======== RECORDS FOR THIS EXERCISE
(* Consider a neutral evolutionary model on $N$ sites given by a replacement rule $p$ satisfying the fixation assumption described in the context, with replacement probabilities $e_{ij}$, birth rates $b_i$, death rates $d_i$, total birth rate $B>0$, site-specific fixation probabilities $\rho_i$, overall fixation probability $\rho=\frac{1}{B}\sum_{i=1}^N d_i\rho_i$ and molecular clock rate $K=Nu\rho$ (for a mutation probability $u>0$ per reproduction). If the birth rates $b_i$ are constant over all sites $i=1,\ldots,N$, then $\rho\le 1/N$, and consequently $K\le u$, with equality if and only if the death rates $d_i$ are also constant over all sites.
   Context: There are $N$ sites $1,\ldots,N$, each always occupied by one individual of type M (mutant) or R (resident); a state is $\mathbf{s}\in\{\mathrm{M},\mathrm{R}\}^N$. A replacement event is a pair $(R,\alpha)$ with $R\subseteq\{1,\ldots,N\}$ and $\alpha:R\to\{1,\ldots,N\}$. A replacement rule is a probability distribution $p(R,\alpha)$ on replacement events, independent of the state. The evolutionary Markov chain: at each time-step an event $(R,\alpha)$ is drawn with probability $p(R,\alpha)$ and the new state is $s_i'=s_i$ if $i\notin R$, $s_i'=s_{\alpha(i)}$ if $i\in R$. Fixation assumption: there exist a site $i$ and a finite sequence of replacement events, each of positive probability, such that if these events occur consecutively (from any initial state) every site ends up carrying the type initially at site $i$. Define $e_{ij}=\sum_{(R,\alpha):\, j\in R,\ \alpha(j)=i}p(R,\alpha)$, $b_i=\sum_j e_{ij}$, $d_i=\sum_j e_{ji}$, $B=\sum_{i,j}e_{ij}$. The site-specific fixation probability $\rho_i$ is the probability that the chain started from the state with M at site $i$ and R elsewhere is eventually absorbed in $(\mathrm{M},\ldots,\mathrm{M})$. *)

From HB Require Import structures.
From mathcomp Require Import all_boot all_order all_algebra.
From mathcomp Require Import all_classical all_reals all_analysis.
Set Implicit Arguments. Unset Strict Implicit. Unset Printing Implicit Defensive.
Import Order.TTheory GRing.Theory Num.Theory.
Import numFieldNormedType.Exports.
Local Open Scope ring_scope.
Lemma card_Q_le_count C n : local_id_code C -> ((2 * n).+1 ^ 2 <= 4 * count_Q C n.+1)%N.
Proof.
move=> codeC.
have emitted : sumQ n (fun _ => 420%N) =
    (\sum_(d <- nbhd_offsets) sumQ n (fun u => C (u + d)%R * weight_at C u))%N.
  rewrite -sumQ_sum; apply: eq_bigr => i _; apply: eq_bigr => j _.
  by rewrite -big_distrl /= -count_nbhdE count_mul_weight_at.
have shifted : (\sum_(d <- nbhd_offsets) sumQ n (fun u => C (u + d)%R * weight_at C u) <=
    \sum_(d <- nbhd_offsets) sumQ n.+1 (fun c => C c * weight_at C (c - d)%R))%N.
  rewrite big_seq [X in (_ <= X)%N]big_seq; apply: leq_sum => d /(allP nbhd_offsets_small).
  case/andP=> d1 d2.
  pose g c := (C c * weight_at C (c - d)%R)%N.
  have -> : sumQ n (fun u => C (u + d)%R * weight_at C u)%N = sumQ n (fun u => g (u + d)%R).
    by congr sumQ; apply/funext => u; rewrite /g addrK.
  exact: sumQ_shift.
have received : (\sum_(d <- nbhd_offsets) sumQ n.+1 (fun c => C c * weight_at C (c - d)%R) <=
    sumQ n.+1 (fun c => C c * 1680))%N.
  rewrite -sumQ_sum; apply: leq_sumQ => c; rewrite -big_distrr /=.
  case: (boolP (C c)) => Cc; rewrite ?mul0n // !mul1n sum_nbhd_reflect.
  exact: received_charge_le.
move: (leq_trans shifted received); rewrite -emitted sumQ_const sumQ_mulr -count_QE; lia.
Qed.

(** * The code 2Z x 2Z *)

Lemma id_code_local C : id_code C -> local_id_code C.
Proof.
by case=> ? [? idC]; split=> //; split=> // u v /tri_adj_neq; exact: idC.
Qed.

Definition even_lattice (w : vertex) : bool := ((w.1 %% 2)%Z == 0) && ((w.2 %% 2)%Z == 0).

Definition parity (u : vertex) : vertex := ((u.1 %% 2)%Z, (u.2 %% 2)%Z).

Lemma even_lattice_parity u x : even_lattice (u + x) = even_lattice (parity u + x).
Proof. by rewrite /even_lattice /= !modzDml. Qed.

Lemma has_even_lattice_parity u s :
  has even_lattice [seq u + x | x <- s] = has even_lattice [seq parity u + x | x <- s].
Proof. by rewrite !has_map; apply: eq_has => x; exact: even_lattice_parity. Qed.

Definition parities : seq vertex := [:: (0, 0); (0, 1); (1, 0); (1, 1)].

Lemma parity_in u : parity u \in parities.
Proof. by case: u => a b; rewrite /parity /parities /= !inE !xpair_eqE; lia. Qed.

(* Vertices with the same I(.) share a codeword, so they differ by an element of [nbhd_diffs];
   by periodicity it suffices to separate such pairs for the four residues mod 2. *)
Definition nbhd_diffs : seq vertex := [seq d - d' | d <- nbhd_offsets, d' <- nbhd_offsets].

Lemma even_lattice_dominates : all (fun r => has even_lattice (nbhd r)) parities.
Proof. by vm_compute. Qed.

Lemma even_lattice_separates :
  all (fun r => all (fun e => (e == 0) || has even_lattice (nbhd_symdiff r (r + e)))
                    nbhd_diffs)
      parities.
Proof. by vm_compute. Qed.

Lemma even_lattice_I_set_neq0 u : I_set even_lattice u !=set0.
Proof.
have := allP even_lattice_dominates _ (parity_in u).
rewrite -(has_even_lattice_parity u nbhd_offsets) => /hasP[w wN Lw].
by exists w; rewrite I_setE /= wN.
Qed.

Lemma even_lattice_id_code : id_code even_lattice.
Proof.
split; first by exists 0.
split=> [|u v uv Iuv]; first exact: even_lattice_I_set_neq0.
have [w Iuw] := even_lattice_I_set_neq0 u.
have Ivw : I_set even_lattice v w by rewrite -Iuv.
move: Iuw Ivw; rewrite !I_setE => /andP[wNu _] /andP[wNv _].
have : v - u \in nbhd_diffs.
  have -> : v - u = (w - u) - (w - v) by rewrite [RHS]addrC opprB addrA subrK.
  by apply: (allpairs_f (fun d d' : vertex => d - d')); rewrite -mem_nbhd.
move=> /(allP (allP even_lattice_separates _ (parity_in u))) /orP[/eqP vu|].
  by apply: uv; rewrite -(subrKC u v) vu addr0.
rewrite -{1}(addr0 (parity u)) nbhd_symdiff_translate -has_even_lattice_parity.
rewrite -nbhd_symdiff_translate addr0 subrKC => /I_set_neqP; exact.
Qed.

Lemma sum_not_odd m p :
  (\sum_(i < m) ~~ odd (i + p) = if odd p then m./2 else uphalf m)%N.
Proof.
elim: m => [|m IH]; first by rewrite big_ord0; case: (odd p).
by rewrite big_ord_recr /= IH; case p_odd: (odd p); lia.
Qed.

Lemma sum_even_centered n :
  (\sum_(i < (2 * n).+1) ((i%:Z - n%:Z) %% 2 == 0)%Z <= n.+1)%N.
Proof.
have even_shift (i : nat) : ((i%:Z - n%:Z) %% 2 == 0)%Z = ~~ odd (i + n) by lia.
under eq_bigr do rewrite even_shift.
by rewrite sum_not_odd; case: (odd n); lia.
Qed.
================
= EXERCISE OBJECTIVE =
Retype the data. Keep every word as it stands.

= SOLUTION TO THIS PROBLEM =
(* Consider a neutral evolutionary model on $N$ sites given by a replacement rule $p$ satisfying the fixation assumption described in the context, with replacement probabilities $e_{ij}$, birth rates $b_i$, death rates $d_i$, total birth rate $B>0$, site-specific fixation probabilities $\rho_i$, overall fixation probability $\rho=\frac{1}{B}\sum_{i=1}^N d_i\rho_i$ and molecular clock rate $K=Nu\rho$ (for a mutation probability $u>0$ per reproduction). If the birth rates $b_i$ are constant over all sites $i=1,\ldots,N$, then $\rho\le 1/N$, and consequently $K\le u$, with equality if and only if the death rates $d_i$ are also constant over all sites.
   Context: There are $N$ sites $1,\ldots,N$, each always occupied by one individual of type M (mutant) or R (resident); a state is $\mathbf{s}\in\{\mathrm{M},\mathrm{R}\}^N$. A replacement event is a pair $(R,\alpha)$ with $R\subseteq\{1,\ldots,N\}$ and $\alpha:R\to\{1,\ldots,N\}$. A replacement rule is a probability distribution $p(R,\alpha)$ on replacement events, independent of the state. The evolutionary Markov chain: at each time-step an event $(R,\alpha)$ is drawn with probability $p(R,\alpha)$ and the new state is $s_i'=s_i$ if $i\notin R$, $s_i'=s_{\alpha(i)}$ if $i\in R$. Fixation assumption: there exist a site $i$ and a finite sequence of replacement events, each of positive probability, such that if these events occur consecutively (from any initial state) every site ends up carrying the type initially at site $i$. Define $e_{ij}=\sum_{(R,\alpha):\, j\in R,\ \alpha(j)=i}p(R,\alpha)$, $b_i=\sum_j e_{ij}$, $d_i=\sum_j e_{ji}$, $B=\sum_{i,j}e_{ij}$. The site-specific fixation probability $\rho_i$ is the probability that the chain started from the state with M at site $i$ and R elsewhere is eventually absorbed in $(\mathrm{M},\ldots,\mathrm{M})$. *)

From HB Require Import structures.
From mathcomp Require Import all_boot all_order all_algebra.
From mathcomp Require Import all_classical all_reals all_analysis.
Set Implicit Arguments. Unset Strict Implicit. Unset Printing Implicit Defensive.
Import Order.TTheory GRing.Theory Num.Theory.
Import numFieldNormedType.Exports.
Local Open Scope ring_scope.
Lemma card_Q_le_count C n : local_id_code C -> ((2 * n).+1 ^ 2 <= 4 * count_Q C n.+1)%N.
Proof.
move=> codeC.
have emitted : sumQ n (fun _ => 420%N) =
    (\sum_(d <- nbhd_offsets) sumQ n (fun u => C (u + d)%R * weight_at C u))%N.
  rewrite -sumQ_sum; apply: eq_bigr => i _; apply: eq_bigr => j _.
  by rewrite -big_distrl /= -count_nbhdE count_mul_weight_at.
have shifted : (\sum_(d <- nbhd_offsets) sumQ n (fun u => C (u + d)%R * weight_at C u) <=
    \sum_(d <- nbhd_offsets) sumQ n.+1 (fun c => C c * weight_at C (c - d)%R))%N.
  rewrite big_seq [X in (_ <= X)%N]big_seq; apply: leq_sum => d /(allP nbhd_offsets_small).
  case/andP=> d1 d2.
  pose g c := (C c * weight_at C (c - d)%R)%N.
  have -> : sumQ n (fun u => C (u + d)%R * weight_at C u)%N = sumQ n (fun u => g (u + d)%R).
    by congr sumQ; apply/funext => u; rewrite /g addrK.
  exact: sumQ_shift.
have received : (\sum_(d <- nbhd_offsets) sumQ n.+1 (fun c => C c * weight_at C (c - d)%R) <=
    sumQ n.+1 (fun c => C c * 1680))%N.
  rewrite -sumQ_sum; apply: leq_sumQ => c; rewrite -big_distrr /=.
  case: (boolP (C c)) => Cc; rewrite ?mul0n // !mul1n sum_nbhd_reflect.
  exact: received_charge_le.
move: (leq_trans shifted received); rewrite -emitted sumQ_const sumQ_mulr -count_QE; lia.
Qed.

(** * The code 2Z x 2Z *)

Lemma id_code_local C : id_code C -> local_id_code C.
Proof.
by case=> ? [? idC]; split=> //; split=> // u v /tri_adj_neq; exact: idC.
Qed.

Definition even_lattice (w : vertex) : bool := ((w.1 %% 2)%Z == 0) && ((w.2 %% 2)%Z == 0).

Definition parity (u : vertex) : vertex := ((u.1 %% 2)%Z, (u.2 %% 2)%Z).

Lemma even_lattice_parity u x : even_lattice (u + x) = even_lattice (parity u + x).
Proof. by rewrite /even_lattice /= !modzDml. Qed.

Lemma has_even_lattice_parity u s :
  has even_lattice [seq u + x | x <- s] = has even_lattice [seq parity u + x | x <- s].
Proof. by rewrite !has_map; apply: eq_has => x; exact: even_lattice_parity. Qed.

Definition parities : seq vertex := [:: (0, 0); (0, 1); (1, 0); (1, 1)].

Lemma parity_in u : parity u \in parities.
Proof. by case: u => a b; rewrite /parity /parities /= !inE !xpair_eqE; lia. Qed.

(* Vertices with the same I(.) share a codeword, so they differ by an element of [nbhd_diffs];
   by periodicity it suffices to separate such pairs for the four residues mod 2. *)
Definition nbhd_diffs : seq vertex := [seq d - d' | d <- nbhd_offsets, d' <- nbhd_offsets].

Lemma even_lattice_dominates : all (fun r => has even_lattice (nbhd r)) parities.
Proof. by vm_compute. Qed.

Lemma even_lattice_separates :
  all (fun r => all (fun e => (e == 0) || has even_lattice (nbhd_symdiff r (r + e)))
                    nbhd_diffs)
      parities.
Proof. by vm_compute. Qed.

Lemma even_lattice_I_set_neq0 u : I_set even_lattice u !=set0.
Proof.
have := allP even_lattice_dominates _ (parity_in u).
rewrite -(has_even_lattice_parity u nbhd_offsets) => /hasP[w wN Lw].
by exists w; rewrite I_setE /= wN.
Qed.

Lemma even_lattice_id_code : id_code even_lattice.
Proof.
split; first by exists 0.
split=> [|u v uv Iuv]; first exact: even_lattice_I_set_neq0.
have [w Iuw] := even_lattice_I_set_neq0 u.
have Ivw : I_set even_lattice v w by rewrite -Iuv.
move: Iuw Ivw; rewrite !I_setE => /andP[wNu _] /andP[wNv _].
have : v - u \in nbhd_diffs.
  have -> : v - u = (w - u) - (w - v) by rewrite [RHS]addrC opprB addrA subrK.
  by apply: (allpairs_f (fun d d' : vertex => d - d')); rewrite -mem_nbhd.
move=> /(allP (allP even_lattice_separates _ (parity_in u))) /orP[/eqP vu|].
  by apply: uv; rewrite -(subrKC u v) vu addr0.
rewrite -{1}(addr0 (parity u)) nbhd_symdiff_translate -has_even_lattice_parity.
rewrite -nbhd_symdiff_translate addr0 subrKC => /I_set_neqP; exact.
Qed.

Lemma sum_not_odd m p :
  (\sum_(i < m) ~~ odd (i + p) = if odd p then m./2 else uphalf m)%N.
Proof.
elim: m => [|m IH]; first by rewrite big_ord0; case: (odd p).
by rewrite big_ord_recr /= IH; case p_odd: (odd p); lia.
Qed.

Lemma sum_even_centered n :
  (\sum_(i < (2 * n).+1) ((i%:Z - n%:Z) %% 2 == 0)%Z <= n.+1)%N.
Proof.
have even_shift (i : nat) : ((i%:Z - n%:Z) %% 2 == 0)%Z = ~~ odd (i + n) by lia.
under eq_bigr do rewrite even_shift.
by rewrite sum_not_odd; case: (odd n); lia.
Qed.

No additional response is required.